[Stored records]
(* Consider the drop-and-shuffle Markov chain $\mathcal{M}$ described in the context (with $\bot$ absorbing), with parameters $r\ge1$ and $p_d\in(1-\frac{1}{\sqrt r},1]$. Then the mean hitting time $m_\varepsilon(\bot)$ (the expected number of states visited from $\varepsilon$ before reaching $\bot$) is finite and $$m_\varepsilon(\bot)=\frac{1+2(1-p_d)}{1-r(1-p_d)^2}.$$ Moreover, $m_s(\mathrm{Pop}(s))=m_\varepsilon(\bot)$ for every recursive sub-tree root $s$.
   Context: Fix an integer $r\ge1$ and a drop probability $p_d\in[0,1]$. Let $S_{\mathrm{Sel}}=\{[\,],\ [H|T],\ [\,][H|T],\ [H|T][\,]\}$ (four formal symbols) and let $S_{\mathrm{Com}}$ be the set of nonempty tuples $(y_1,\ldots,y_l)$, $1\le l\le r$, of pairwise distinct elements of $\{1,\ldots,r\}$. Pairs in $S_{\mathrm{Sel}}\times S_{\mathrm{Com}}$ are written $\langle x,y\rangle$. Let $W=(S_{\mathrm{Sel}}\times S_{\mathrm{Com}})^*$ be the set of finite words of such pairs, including the empty word $\varepsilon$. The state space is $W\cup\{w\cdot x: w\in W,\ x\in S_{\mathrm{Sel}}\}\cup\{\bot\}$, the initial state is $\varepsilon$. Define $\mathrm{Pop}$ recursively by $\mathrm{Pop}(\varepsilon)=\bot$, $\mathrm{Pop}(w\cdot[\,][H|T])=w\cdot[H|T]$, $\mathrm{Pop}(w\cdot[H|T][\,])=w\cdot[\,]$, $\mathrm{Pop}(w\cdot[\,])=\mathrm{Pop}(w)$, $\mathrm{Pop}(w\cdot[H|T])=\mathrm{Pop}(w)$, $\mathrm{Pop}(w\cdot\langle x,(y_1)\rangle)=\mathrm{Pop}(w\cdot x)$, and $\mathrm{Pop}(w\cdot\langle x,(y_1,y_2,\ldots,y_l)\rangle)=w\cdot\langle x,(y_2,\ldots,y_l)\rangle$ for $l\ge2$. Transition probabilities, for $w\in W$ (unlisted ones are $0$): from $w$, go to $w\cdot[H|T][\,]$ and to $w\cdot[\,][H|T]$ each with probability $(1-p_d)^2/2$, to $w\cdot[\,]$ and to $w\cdot[H|T]$ each with probability $p_d(1-p_d)$, and to $\mathrm{Pop}(w)$ with probability $p_d^2$; from $w\cdot x$ with $x\in\{[H|T],[H|T][\,]\}$, go to $w\cdot\langle x,(y_1,\ldots,y_l)\rangle$ with probability $p_d^{r-l}(1-p_d)^l/l!$ for each $(y_1,\ldots,y_l)\in S_{\mathrm{Com}}$, and to $\mathrm{Pop}(w\cdot x)$ with probability $p_d^r$; from $w\cdot x$ with $x\in\{[\,],[\,][H|T]\}$, go to $\mathrm{Pop}(w\cdot x)$ with probability $1$; and $p(\bot,\bot)=1$. (This models SLD resolution of a test-generating Prolog program in which, at each resolution step, each matching clause is independently dropped with probability $p_d$ and the remaining ones are uniformly shuffled.) A recursive sub-tree root is a state in $W\setminus\{\varepsilon\}$, i.e. of the form $w\cdot\langle x,y\rangle$. For states $a$ and $b$, $m_a(b)\in[0,\infty]$ is the expected value of $\inf\{n\ge0: X_n=b\}$ for the chain started at $X_0=a$. *)

From HB Require Import structures.
From mathcomp Require Import all_boot all_order all_algebra.
From mathcomp Require Import classical_sets reals constructive_ereal ereal.
From Stdlib Require List.
Set Implicit Arguments.
Unset Strict Implicit.
Unset Printing Implicit Defensive.
Import Order.TTheory GRing.Theory Num.Theory.
Local Open Scope ring_scope.

(* S_Sel: the four formal symbols
   SNil = [ ],  SCons = [H|T],  SNilCons = [ ][H|T],  SConsNil = [H|T][ ] *)
Inductive sel := SNil | SCons | SNilCons | SConsNil.

Definition letter := (sel * seq nat)%type.

(* IMPORTANT CONVENTION: words are stored REVERSED, i.e. the head
   of the list is the LAST letter of the word.
   W w      = the word (rev w) in W
   WX w x   = the state (rev w) . x
   Bot      = the absorbing state. *)
Inductive state := W of seq letter | WX of seq letter & sel | Bot.

Lemma sel_eq_dec (x y : sel) : {x = y} + {x <> y}.
Proof. decide equality. Defined.

Lemma state_eq_dec (s t : state) : {s = t} + {s <> t}.
Proof.
have ld : forall a b : seq letter, {a = b} + {a <> b}.
  apply: List.list_eq_dec; move=> [x1 y1] [x2 y2].
  case: (sel_eq_dec x1 x2) => [->|h]; last by right; case.
  case: (List.list_eq_dec PeanoNat.Nat.eq_dec y1 y2) => [->|h]; first by left.
  by right; case.
decide equality; exact: sel_eq_dec.
Defined.

HB.instance Definition _ := hasDecEq.Build state (compareP state_eq_dec).

Fixpoint pop_W (w : seq letter) : state :=
  match w with
  | [::] => Bot
  | (x, y) :: w' =>
      match y with
      | _ :: ((_ :: _) as y') => W ((x, y') :: w')
      | _ =>                                          (* l = 1 : Pop(w'.x) *)
          match x with
          | SNilCons => WX w' SCons
          | SConsNil => WX w' SNil
          | _ => pop_W w'
          end
      end
  end.

Definition pop_WX (w : seq letter) (x : sel) : state :=
  match x with
  | SNilCons => WX w SCons
  | SConsNil => WX w SNil
  | _ => pop_W w
  end.

Definition Pop (s : state) : state :=
  match s with W w => pop_W w | WX w x => pop_WX w x | Bot => Bot end.

Fixpoint seqs_len (r l : nat) : seq (seq nat) :=
  match l with
  | 0 => [:: [::]]
  | l'.+1 => flatten [seq [seq i :: s | s <- seqs_len r l'] | i <- iota 1 r]
  end.

Definition com_list (r : nat) : seq (seq nat) :=
  flatten [seq [seq s <- seqs_len r l | uniq s] | l <- iota 1 r].

Definition is_com (r : nat) (y : seq nat) : bool :=
  [&& (0 < size y)%N, uniq y & all (fun i => (1 <= i <= r)%N) y].

Definition valid_word (r : nat) (w : seq letter) : bool :=
  all (fun xy => is_com r xy.2) w.

Section Chain.
Variables (R : realType) (r : nat) (pd : R).

(* Transition law: list of (probability, next state); unlisted ones are 0. *)
Definition step (s : state) : seq (R * state) :=
  match s with
  | W w => [:: ((1 - pd) ^+ 2 / 2, WX w SConsNil);
              ((1 - pd) ^+ 2 / 2, WX w SNilCons);
              (pd * (1 - pd), WX w SNil);
              (pd * (1 - pd), WX w SCons);
              (pd ^+ 2, pop_W w)]
  | WX w x =>
      match x with
      | SCons | SConsNil =>
          [seq (pd ^+ (r - size y) * (1 - pd) ^+ (size y) / (size y)`!%:R,
                W ((x, y) :: w)) | y <- com_list r]
          ++ [:: (pd ^+ r, pop_WX w x)]
      | _ => [:: (1, pop_WX w x)]
      end
  | Bot => [:: (1, Bot)]
  end.

(* Law of the trajectory (X_0, ..., X_N) started at a, as a list of
   (probability, trajectory) pairs. *)
Fixpoint traj (N : nat) (a : state) : seq (R * seq state) :=
  match N with
  | 0 => [:: (1, [:: a])]
  | N'.+1 =>
      flatten [seq [seq (pc.1 * qp.1, a :: qp.2) | qp <- traj N' pc.2]
              | pc <- step a]
  end.

(* E_a[ min(T_b, N) ] where T_b = inf{n >= 0 : X_n = b}; on a trajectory
   X_0..X_N, find gives the first index of b (N+1 if absent). *)
Definition trunc_hit_mean (N : nat) (a b : state) : R :=
  \sum_(qp <- traj N a) qp.1 * (minn (find (pred1 b) qp.2) N)%:R.

(* m_a(b) = E_a[T_b] in [0, +oo], via monotone convergence
   E[T] = sup_N E[min(T, N)]. *)
Definition mean_hit (a b : state) : \bar R :=
  ereal_sup (range (fun N => (trunc_hit_mean N a b)%:E)).

End Chain.

(* Let T be the time the chain needs to get from eps to bot.  The chain never
   looks below the top letter of its word, so popping any letter takes an
   independent copy of T; in particular m_s(Pop s) = m_eps(bot).  From eps the
   chain pops at once with probability pd^2 and otherwise pushes a selector; a
   [H|T] selector then pushes a tuple of L ~ Bin(r, q) kept clauses, q = 1 - pd,
   each of which costs a later copy of T.  Hence h = m_eps(bot) solves
   h = 1 + q (2 + r q h), i.e. h is the claimed value when r q^2 < 1.
   To avoid a strong Markov property we argue on truncated means: a potential
   built from h is harmonic off bot and bounds them from above, and it is
   dominated by a multiplicative potential that the chain shrinks by a factor
   lam > 1 per step, so the truncated means converge to it geometrically. *)

From mathcomp Require Import all_boot all_order all_algebra.
From mathcomp Require Import classical_sets reals constructive_ereal ereal.
From mathcomp Require Import boolp.
From mathcomp Require Import ring lra.
Import Order.TTheory GRing.Theory Num.Theory.

Set Implicit Arguments.
Unset Strict Implicit.
Unset Printing Implicit Defensive.

Section SeqsOver.
Variable T : eqType.

Fixpoint seqs_over (A : seq T) (l : nat) : seq (seq T) :=
  if l is l'.+1 then flatten [seq [seq i :: s | s <- seqs_over A l'] | i <- A]
  else [:: [::]].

> What you need to do:
From the entries above, give again exactly the lines running from the line with "WX w' SCons" to the line with "Definition com_list (r"; include both of those lines.

> Result of the task:
          | SNilCons => WX w' SCons
          | SConsNil => WX w' SNil
          | _ => pop_W w'
          end
      end
  end.

Definition pop_WX (w : seq letter) (x : sel) : state :=
  match x with
  | SNilCons => WX w SCons
  | SConsNil => WX w SNil
  | _ => pop_W w
  end.

Definition Pop (s : state) : state :=
  match s with W w => pop_W w | WX w x => pop_WX w x | Bot => Bot end.

Fixpoint seqs_len (r l : nat) : seq (seq nat) :=
  match l with
  | 0 => [:: [::]]
  | l'.+1 => flatten [seq [seq i :: s | s <- seqs_len r l'] | i <- iota 1 r]
  end.

Definition com_list (r : nat) : seq (seq nat) :=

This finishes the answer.